## [RECORDS FOR THIS EXERCISE]
(* Let $(M,\mathcal F,\mathcal J)$ be a generalized almost para-Hermitian manifold with associated triple $(\gamma,\psi,F)$ and let $\iota:N\hookrightarrow M$ be a submanifold. Then $N$ is a regular invariant submanifold if and only if the subspaces $\overleftarrow{\iota}^*\mathbf H_+,\overleftarrow{\iota}^*\mathbf H_-,\overleftarrow{\iota}^*\overline{\mathbf H}_+,\overleftarrow{\iota}^*\overline{\mathbf H}_-$ give a decomposition $$\mathbf T^cN=\overleftarrow{\iota}^*\mathbf H_+\oplus\overleftarrow{\iota}^*\mathbf H_-\oplus\overleftarrow{\iota}^*\overline{\mathbf H}_+\oplus\overleftarrow{\iota}^*\overline{\mathbf H}_-$$ which defines a generalized almost para-Hermitian structure on $N$ (i.e. $\overleftarrow{\iota}^*\mathbf H_\pm\oplus\overleftarrow{\iota}^*\overline{\mathbf H}_\pm$ are the $\pm1$-eigenbundles of a generalized almost paracomplex structure $\mathcal F_N$ and $\overleftarrow{\iota}^*\mathbf H_+\oplus\overleftarrow{\iota}^*\overline{\mathbf H}_-$ is the $i$-eigenbundle of a generalized almost complex structure $\mathcal J_N$, with $(\mathcal F_N,\mathcal J_N)$ generalized almost para-Hermitian). In this case the structure so defined is the one whose associated triple is $(\iota^*\gamma,\iota^*\psi,F|_{T^cN})$.
   Context: $\mathbf TM=TM\oplus T^*M$ with pairing $g((X,\alpha),(Y,\beta))=\frac12(\alpha(Y)+\beta(X))$; superscript $c$ = complexification, bar = conjugation. A generalized almost para-Hermitian structure is a commuting pair $(\mathcal F,\mathcal J)$ with $\mathcal F^2=\mathrm{Id}$, $\mathcal J^2=-\mathrm{Id}$, both $g$-skew, and non-degenerate symmetric bivector $\gamma(\alpha,\beta)=-2g(\mathcal F(0,\alpha),\mathcal J(0,\beta))$. $\mathbf F_\pm$ are the $\pm1$-eigenbundles of $\mathcal F$, $\mathcal H=\mathcal F\mathcal J$, $\mathbf H$ its $i$-eigenbundle and $\mathbf H_\pm=\mathbf F_\pm\cap\mathbf H$. Associated triple: $\gamma$ also denotes the inverse pseudo-Riemannian metric on $TM$; with $\mathcal H(X,0)=(QX,\ast)$, $\psi(X,Y)=-\gamma(QX,Y)$; $\mathbf H=\tau(T^cM)$, $\tau(X)=(X,\psi(X,\cdot)+i\gamma(X,\cdot))$; $FX=\mathrm{pr}_{T^cM}\mathcal F(\tau X)$ (so $F^2=\mathrm{Id}$, $\gamma(FX,Y)=-\gamma(X,FY)$); every such triple determines a unique structure. A submanifold $N$ is regular invariant if $\iota^*\gamma$ is non-degenerate and $T^cN$ is $F$-invariant. Pullback: for $U\subseteq\mathbf T^c_xM$, $\overleftarrow{\iota}^*U=\{(X,\iota^*\eta):X\in T^c_xN,\ (\iota_*X,\eta)\in U\}\subseteq\mathbf T^c_xN$. *)

(* Pointwise (fibrewise) linear-algebra model of the
   generalized almost para-Hermitian setting. *)
From HB Require Import structures.
From mathcomp Require Import all_boot all_order all_algebra.
Set Implicit Arguments. Unset Strict Implicit. Unset Printing Implicit Defensive.
Import Order.TTheory GRing.Theory Num.Theory.
Local Open Scope ring_scope.

(* Conventions: C is the complexification field (any numClosedFieldType,
   real elements = Num.real, conjugation = Num.conj).  T^c_xM = C^n (row
   vectors), T^*c_xM = C^n via the dual basis, and TT^c_xM = C^(n+n), an
   element (X, alpha) being the row vector row_mx X alpha.  An endomorphism A
   acts on row vectors by u |-> u *m A. *)

Section Defs.
Variable C : numClosedFieldType.

(* 2 g(u,v) = u *m pairG *m v^T *)
Definition pairG n : 'M[C]_(n + n) := block_mx 0 1%:M 1%:M 0.

(* g-skew: g(uA, v) = - g(u, vA) *)
Definition gskew n (A : 'M[C]_(n + n)) : Prop := A *m pairG n = - (pairG n *m A^T).

Definition E1 n : 'M[C]_(n, n + n) := row_mx 1%:M 0.
Definition E2 n : 'M[C]_(n, n + n) := row_mx 0 1%:M.

(* the bivector gamma(a,b) = -2 g(F(0,a), J(0,b)) = a *m gammaB *m b^T *)
Definition gammaB n (F J : 'M[C]_(n + n)) : 'M[C]_n :=
  - (E2 n *m F *m pairG n *m (E2 n *m J)^T).

Definition gen_para_herm n (F J : 'M[C]_(n + n)) : Prop :=
  [/\ F \is a realmx, J \is a realmx, F *m F = 1%:M & J *m J = - 1%:M] /\
  [/\ gskew F, gskew J, F *m J = J *m F,
       (gammaB F J)^T = gammaB F J & gammaB F J \in unitmx].

(* gamma as pseudo-Riemannian metric on TM: gamma(X,Y) = X *m gammaM *m Y^T *)
Definition gammaM n (F J : 'M[C]_(n + n)) : 'M[C]_n := invmx (gammaB F J).
(* H = F o J acts by u |-> u *m (J *m F); Q = first component of H(X,0) *)
Definition Qmx n (F J : 'M[C]_(n + n)) : 'M[C]_n := E1 n *m (J *m F) *m (E1 n)^T.
(* psi(X,Y) = - gamma(QX, Y) = X *m psiM *m Y^T *)
Definition psiM n (F J : 'M[C]_(n + n)) : 'M[C]_n := - (Qmx F J *m gammaM F J).
(* tau(X) = (X, psi(X,.) + i gamma(X,.)) *)
Definition tauM n (F J : 'M[C]_(n + n)) : 'M[C]_(n, n + n) :=
  row_mx 1%:M (psiM F J + 'i *: gammaM F J).
(* F X = pr_{T^cM} F(tau X) *)
Definition Fmx n (F J : 'M[C]_(n + n)) : 'M[C]_n := tauM F J *m F *m (E1 n)^T.

Definition Hplus n (F J : 'M[C]_(n + n)) :=
  (eigenspace F 1 :&: eigenspace (J *m F) 'i)%MS.
Definition Hminus n (F J : 'M[C]_(n + n)) :=
  (eigenspace F (-1) :&: eigenspace (J *m F) 'i)%MS.
Definition cconjmx m n (A : 'M[C]_(m, n)) := map_mx (@Num.conj C) A.

(* submanifold at a point: iota_* given by X |-> X *m I, I : 'M_(k, m);
   pullback iota^* eta = eta *m I^T. *)
Definition Lmat k m (I : 'M[C]_(k, m)) : 'M[C]_(k + m, m + m) :=
  block_mx I 0 0 1%:M.                      (* (X,eta) |-> (iota_* X, eta) *)
Definition Pmat k m (I : 'M[C]_(k, m)) : 'M[C]_(k + m, k + k) :=
  block_mx 1%:M 0 0 I^T.                    (* (X,eta) |-> (X, iota^* eta) *)
(* pullback of U: { (X, iota^* eta) : (iota_* X, eta) in U } *)
Definition pullback k m (I : 'M[C]_(k, m)) r (U : 'M[C]_(r, m + m)) :
  'M[C]_(k + m, k + k) :=
  kermx (Lmat I *m cokermx U) *m Pmat I.

(* regular invariant submanifold: iota^* gamma non-degenerate and
   T^cN (row space of I) invariant under F *)
Definition regular_invariant m k (F J : 'M[C]_(m + m)) (I : 'M[C]_(k, m)) : Prop :=
  I *m gammaM F J *m I^T \in unitmx /\ (I *m Fmx F J <= I)%MS.

End Defs.

(* Conjugating by the frame P = [[1, ψ + iγ], [1, ψ - iγ]] turns H = JF into
   diag(i, -i) and F into diag(F, conj F), where (γ, ψ, F) is the associated
   triple.  Indeed P = [[1, i], [1, -i]] [[1, ψ], [0, γ]], and H^2 = -1 together
   with the g-symmetry of H make the shear [[1, ψ], [0, γ]] conjugate H to the
   standard complex structure [[0, -1], [1, 0]]; F commutes with H, and reality
   pairs its two diagonal blocks.  Hence H_± = {(X, X(ψ + iγ)) : XF = ±X}, conj H_±
   is the graph of ψ - iγ over the eigenspaces of conj F, and conversely every
   admissible triple defines a structure by the same formula.  Pulling back such a
   graph along ι gives the graph of ι^*ψ ± i ι^*γ over the preimage of the
   eigenspace.  If N is regular invariant these are exactly the eigenbundles of
   the structure of (ι^*γ, ι^*ψ, F|_N), and a dimension count makes their sum
   direct.  Conversely, if the four pullbacks span T^cN, the difference of the
   two graphs shows that ι^*γ is non-degenerate and decomposing
   (X, X ι^*(ψ + iγ)) shows that T^cN is F-invariant.  Uniqueness: an involution
   is determined by its ±1-eigenspaces, a real complex structure by its
   i-eigenspace. *)

From HB Require Import structures.
From mathcomp Require Import all_boot all_order all_algebra.
From mathcomp Require Import ring zify.
Set Implicit Arguments. Unset Strict Implicit. Unset Printing Implicit Defensive.
Import Order.TTheory GRing.Theory Num.Theory.
Local Open Scope ring_scope.

Section ComplexConjugation.
Variable C : numClosedFieldType.

Lemma cconjmxK m n (A : 'M[C]_(m, n)) : cconjmx (cconjmx A) = A.
Proof. by apply/matrixP => i j; rewrite !mxE conjCK. Qed.

Lemma cconjmxM m n p (A : 'M[C]_(m, n)) (B : 'M_(n, p)) :
  cconjmx (A *m B) = cconjmx A *m cconjmx B.
Proof. exact: map_mxM. Qed.

Lemma cconjmxD m n (A B : 'M[C]_(m, n)) : cconjmx (A + B) = cconjmx A + cconjmx B.
Proof. exact: map_mxD. Qed.

Lemma cconjmxN m n (A : 'M[C]_(m, n)) : cconjmx (- A) = - cconjmx A.
Proof. exact: map_mxN. Qed.

Lemma cconjmxZ m n c (A : 'M[C]_(m, n)) : cconjmx (c *: A) = c^* *: cconjmx A.
Proof. exact: map_mxZ. Qed.

Lemma cconjmx_tr m n (A : 'M[C]_(m, n)) : cconjmx A^T = (cconjmx A)^T.
Proof. by rewrite /cconjmx map_trmx. Qed.

Lemma cconjmx_scalar n c : cconjmx (c%:M : 'M[C]_n) = c^*%:M.
Proof. exact: map_scalar_mx. Qed.

Lemma cconjmx_inv n (A : 'M[C]_n) : cconjmx (invmx A) = invmx (cconjmx A).
Proof. exact: map_invmx. Qed.

Lemma cconjmx_block m1 m2 n1 n2 (A : 'M[C]_(m1, n1)) (B : 'M_(m1, n2))
    (D : 'M_(m2, n1)) (E : 'M_(m2, n2)) :
  cconjmx (block_mx A B D E) = block_mx (cconjmx A) (cconjmx B) (cconjmx D) (cconjmx E).
Proof. exact: map_block_mx. Qed.

Lemma cconjmx_row m n1 n2 (A : 'M[C]_(m, n1)) (B : 'M_(m, n2)) :
  cconjmx (row_mx A B) = row_mx (cconjmx A) (cconjmx B).
Proof. exact: map_row_mx. Qed.

Lemma submx_cconj m1 m2 n (A : 'M[C]_(m1, n)) (B : 'M_(m2, n)) :
  (cconjmx A <= cconjmx B)%MS = (A <= B)%MS.
Proof. exact: map_submx. Qed.

Lemma realmxP m n (A : 'M[C]_(m, n)) : reflect (cconjmx A = A) (A \is a realmx).
Proof.
apply: (iffP idP) => [/realmxC //|cA]; apply/mxOverP => i j.
by apply/CrealP; rewrite -{2}cA mxE.
Qed.

Lemma i2_neq0 : ('i *+ 2 : C) != 0.
Proof. by rewrite mulrn_eq0 negb_or neq0Ci. Qed.

Lemma scaleNi_eq0 m n (A : 'M[C]_(m, n)) : - 'i *: A = 'i *: A -> A = 0.
Proof.
move/eqP; rewrite scaleNr eq_sym -subr_eq0 opprK -scalerDl scaler_eq0.
by rewrite -mulr2n (negPf i2_neq0) => /eqP.
Qed.

End ComplexConjugation.

Section Blocks.
Variables (C : numClosedFieldType) (n : nat).
Local Notation pG := (pairG C n).
Local Notation E1 := (E1 C n).
Local Notation E2 := (E2 C n).

Lemma mulE1_block m (A B : 'M[C]_(n, m)) D E : E1 *m block_mx A B D E = row_mx A B.
Proof. by rewrite /E1 mul_row_block !mul1mx !mul0mx !addr0. Qed.

Lemma mulE2_block m (A B : 'M[C]_(n, m)) D E : E2 *m block_mx D E A B = row_mx A B.
Proof. by rewrite /E2 mul_row_block !mul1mx !mul0mx !add0r. Qed.

Lemma mul_row_trE1 m (A B : 'M[C]_(m, n)) : row_mx A B *m E1^T = A.
Proof. by rewrite /E1 tr_row_mx mul_row_col trmx1 trmx0 mulmx1 mulmx0 addr0. Qed.

Lemma mul_row_trE2 m (A B : 'M[C]_(m, n)) : row_mx A B *m E2^T = B.
Proof. by rewrite /E2 tr_row_mx mul_row_col trmx1 trmx0 mulmx1 mulmx0 add0r. Qed.

Lemma mul_row_pairG m (A B : 'M[C]_(m, n)) : row_mx A B *m pG = row_mx B A.
Proof. by rewrite /pairG mul_row_block !mulmx0 !mulmx1 add0r addr0. Qed.

Lemma mul_block_pairG (A B D E : 'M[C]_n) : block_mx A B D E *m pG = block_mx B A E D.
Proof. by rewrite /pairG mulmx_block !mulmx0 !mulmx1 !add0r !addr0. Qed.

Lemma mul_pairG_block (A B D E : 'M[C]_n) : pG *m block_mx A B D E = block_mx D E A B.
Proof. by rewrite /pairG mulmx_block !mul0mx !mul1mx !add0r !addr0. Qed.

Lemma pairGK : pG *m pG = 1%:M.
Proof. by rewrite {2}/pairG mul_pairG_block -scalar_mx_block. Qed.

Lemma mul_E1_trE1 (X : 'M[C]_(n + n)) : E1 *m X *m E1^T = ulsubmx X.
Proof. by rewrite -[X]submxK mulE1_block mul_row_trE1 block_mxKul. Qed.

Lemma mul_E2_pairG_trE2 (X : 'M[C]_(n + n)) : E2 *m X *m pG *m E2^T = dlsubmx X.
Proof. by rewrite -[X]submxK mulE2_block mul_row_pairG mul_row_trE2 block_mxKdl. Qed.

Lemma gammaB_dlsubmx (F J : 'M[C]_(n + n)) : gskew F ->
  J *m F *m pG = pG *m (J *m F)^T -> gammaB F J = dlsubmx (J *m F).
Proof.
move=> Fs Hs; have e : F *m pG *m J^T = - (J *m F *m pG).
  by rewrite Fs mulNmx -(mulmxA pG) -trmx_mul -Hs.
rewrite /gammaB trmx_mul.
have -> : E2 *m F *m pG *m (J^T *m E2^T) = E2 *m (F *m pG *m J^T) *m E2^T by rewrite !mulmxA.
by rewrite e mulmxN mulNmx opprK mulmxA mul_E2_pairG_trE2.
Qed.

Definition diag2 (d1 d2 : 'M[C]_n) : 'M_(n + n) := block_mx d1 0 0 d2.

Lemma mul_diag2 d1 d2 e1 e2 : diag2 d1 d2 *m diag2 e1 e2 = diag2 (d1 *m e1) (d2 *m e2).
Proof. by rewrite /diag2 mulmx_block !mulmx0 !mul0mx !addr0 !add0r. Qed.

Lemma mul_row_diag2 m (x y : 'M[C]_(m, n)) d1 d2 :
  row_mx x y *m diag2 d1 d2 = row_mx (x *m d1) (y *m d2).
Proof. by rewrite /diag2 mul_row_block !mulmx0 addr0 add0r. Qed.

Lemma pairG_diag2 d1 d2 : pG *m diag2 d1 d2 *m pG = diag2 d2 d1.
Proof. by rewrite /diag2 mul_pairG_block mul_block_pairG. Qed.

Lemma diag2_scalar (c : C) : diag2 c%:M c%:M = c%:M.
Proof. by rewrite /diag2 -scalar_mx_block. Qed.

Lemma tr_diag2 d1 d2 : (diag2 d1 d2)^T = diag2 d1^T d2^T.
Proof. by rewrite /diag2 tr_block_mx !trmx0. Qed.

Lemma cconjmx_diag2 d1 d2 : cconjmx (diag2 d1 d2) = diag2 (cconjmx d1) (cconjmx d2).
Proof. by rewrite /diag2 cconjmx_block /cconjmx !map_mx0. Qed.

End Blocks.

Section Similarity.
Variables (C : numClosedFieldType) (N : nat).
Implicit Types (P A B D G : 'M[C]_N).

Definition simmx P A := invmx P *m A *m P.

Lemma simmxM P A B : P \in unitmx -> simmx P A *m simmx P B = simmx P (A *m B).
Proof. by move=> PU; rewrite /simmx !mulmxA mulmxK. Qed.

Lemma mul_simmx P A : P \in unitmx -> P *m simmx P A = A *m P.
Proof. by move=> PU; rewrite /simmx !mulmxA mulmxV // mul1mx. Qed.

Lemma simmxK P : P \in unitmx -> cancel (simmx (invmx P)) (simmx P).
Proof. by move=> PU A; rewrite /simmx invmxK !mulmxA mulVmx // mul1mx mulmxKV. Qed.

Lemma simmxKV P : P \in unitmx -> cancel (simmx P) (simmx (invmx P)).
Proof. by move=> PU A; rewrite /simmx invmxK !mulmxA mulmxV // mul1mx mulmxK. Qed.

Lemma simmx_inj P : P \in unitmx -> injective (simmx P).
Proof. by move=> PU; apply: can_inj (simmxKV PU). Qed.

Lemma simmx_scalar P (c : C) : P \in unitmx -> simmx P c%:M = c%:M.
Proof. by move=> PU; rewrite /simmx mul_mx_scalar -scalemxAl mulVmx // -mul_scalar_mx mulmx1. Qed.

## [TASK GOAL]
Find the lines in the records that contain the word "ComplexConjugation", then copy every one of them.

## [OUTPUT OF THE TASK]
Section ComplexConjugation.
End ComplexConjugation.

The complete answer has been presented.